When we sing that hymn,
sing it, realizing
how many people have died
for the faith of those words;
How many spoke such words
with their last breath.

Their courage gives us courage,
so that to everything
that claims our heart’s allegiance,
and with the martyrs of every age,
you and I can say:
Viva Cristo Rey!
Long live Christ the King!


Rachel said...

Father, I love the history lesson in that homily. I went to Mass tonight and heard the priest say the saints' names, but I didn't know a dang thing about any of 'em! Nor did I know that the prayer isn't just *about* the early church, but is actually *from* early times. It was great to come home, read your blog and find out all this stuff. :) At Mass they also read the names of the first five popes, which I did recognize, and it was inspiring to think of them, faithfully witnessing in a dangerous world nearly 2000 years ago, and us today still remembering and honoring them.

It's so true; if someone ordered me on pain of death to deny Christ the choice would at least be clear, but what we face are sacrifices that are easier to make, yet harder to recognize as necessary. There are times I hesitate to speak something I ought to say, and then the moment passes, and I realize I've failed to be faithful in the little things. Sometimes I pray God will just help me to be alert to what I need to do.

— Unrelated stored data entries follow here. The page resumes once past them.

Definition central_idem_RG_endo (R : nzRingType) (aT : finGroupType)
  (G : {set aT}) (X : finType) (to : action G X) (e : 'M[R]_#|X|) : Prop :=
  [/\ is_RG_endo to e, e *m e = e &
      forall f, is_RG_endo to f -> e *m f = f *m e].

From HB Require Import structures.
From mathcomp Require Import all_boot all_order all_algebra all_fingroup.
From mathcomp Require Import fraction ring.
Set Implicit Arguments. Unset Strict Implicit. Unset Printing Implicit Defensive.
Import GRing.Theory.
Local Open Scope ring_scope.

(* For an orbit S, the coordinate projection P onto RS is an RG-endomorphism,
   so the central idempotent e commutes with it and eP, (1 - e)P are
   idempotents below P.  Over the fraction field of R the trace of an
   idempotent is its rank, a natural number at most |S|, while
   tr(eP) = |S| e_xx because the diagonal of e is constant on S.  Since every
   prime p dividing |S| = [G : stab x] satisfies {0} <> pR <> R, the equation
   |S| d = r forces |S| to divide r; hence eP is 0 or P.  Finally, the
   endomorphism with all entries 1 on S x T commutes with e, which rules out
   eP_S = 0 and eP_T = P_T for two orbits S and T, so e = 0 or e = 1. *)

Lemma row_base_col_base_idem (F : fieldType) n (A : 'M[F]_n) :
  A *m A = A -> row_base A *m col_base A = 1%:M.
Proof.
move=> AA; have [B BC] := row_fullP (col_base_full A).
have [B' RB'] := row_freeP (row_base_free A).
have : col_base A *m row_base A *m (col_base A *m row_base A)
       = col_base A *m row_base A by rewrite mulmx_base.
move: (col_base A) (row_base A) BC RB' => C Rb BC RB' CRCR.
have -> : Rb *m C = B *m (C *m Rb *m (C *m Rb)) *m B'.
  by rewrite !mulmxA BC mul1mx -mulmxA RB' mulmx1.
by rewrite CRCR !mulmxA BC mul1mx RB'.
Qed.
(* For every integer $m\ge 3$, the matrix $M_m$ defined below is $3$-decodable (whatever maximizing index $i$ is chosen at each step of the recursion).
   Context: Binary matrices $M_m$ with $m$ rows are defined recursively; write $c(\ell)$ for the number of columns of $M_\ell$, $I_3$ for the $3\times 3$ identity matrix. Let $M_3=[\,I_3\mid \mathbf{1}\,]$ ($3\times 4$, $\mathbf{1}$ the all-ones column). Let $M_4=\begin{bmatrix}\mathbf{0}_{1\times 3} & \mathbf{1}_{1\times 4}\\ I_3 & M_3\end{bmatrix}$ ($4\times 7$). For $m\ge 5$, choose $i\in\{2,\dots,m-3\}$ maximizing $i\cdot c(m-i)$, put $c=c(m-i)$, and let $M_m=[\,L\mid R\,]$, where $L$ is the $m\times 3$ matrix whose first $m-3$ rows are zero and whose last $3$ rows form $I_3$, and $R$ is the $m\times ic$ matrix whose first $i$ rows are such that row $r$ ($1\le r\le i$) has ones exactly in columns $(r-1)c+1,\dots,rc$, and whose last $m-i$ rows form $[\,M_{m-i}\ M_{m-i}\ \cdots\ M_{m-i}\,]$ ($i$ copies side by side). For a binary matrix $M$ and a nonempty set $S$ of its columns, $S$ is a stopping set if the submatrix formed by $S$ has no row with exactly one $1$; $s(M)$ is the minimum size of a stopping set ($+\infty$ if none); $M$ is $d$-decodable if $s(M)\ge d+1$. *)

(* All row/column indices are 0-based. *)
From mathcomp Require Import all_boot all_order all_algebra.
Set Implicit Arguments. Unset Strict Implicit. Unset Printing Implicit Defensive.

(* Column count c(m) of M_m (well defined: the maximal value of i*c(m-i) does
   not depend on which maximizer is chosen).  [k] is fuel; ncols m := ccols m m.
   c(3) = 4, c(4) = 7, c(m) = 3 + max_{2<=i<=m-3} i * c(m-i) for m >= 5.
   (Values for m < 3 are junk and never used.) *)
Fixpoint ccols (k m : nat) : nat :=
  match k with
  | 0 => 0
  | k'.+1 =>
    if m <= 3 then 4 else if m == 4 then 7
    else 3 + \max_(2 <= i < m - 2) (i * ccols k' (m - i))
  end.
Definition ncols (m : nat) : nat := ccols m m.

Definition f3 (r col : nat) : bool := (col == r) || (col == 3).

My understanding of our holy father's position on the death penalty is that he's very uncomfortable with it and urges against it, but does allow that it may be all right in some circumstances. Probably in his opinion there are too many executions in the US, but he doesn't seem to have taught so authoritatively (or has he?) I come from a Protestant congregation where we mostly supported the broad application of the death penalty, thinking it the government's duty to uphold justice as much as possible, and thinking that only death does justice in cases of murder (we were fond of Genesis 9:6). I know most Catholics don't see it that way any more, and one of these days I should look up what the pope has said about it and think about his reasons carefully. But anyway, do you think it's a good idea to use opposition to it as an example in the homily? It sort of gives the impression that the Church has definitively come down against the death penalty, which isn't the case as far as I know...

Fr Martin Fox said...


Thanks for your comments.

My reason for using the example of opposing the death penalty simply to highlight it as a good thing to do.

I agree the subject is fairly complex.

Anonymous said...

We should remember that JPII saw firsthand how horribly the death penalty was abused during the occupation of his homeland.

Indeed he would have been guilty of a crime meriting the death penalty had the people in charge been aware of it His crime? Studying for the priesthood.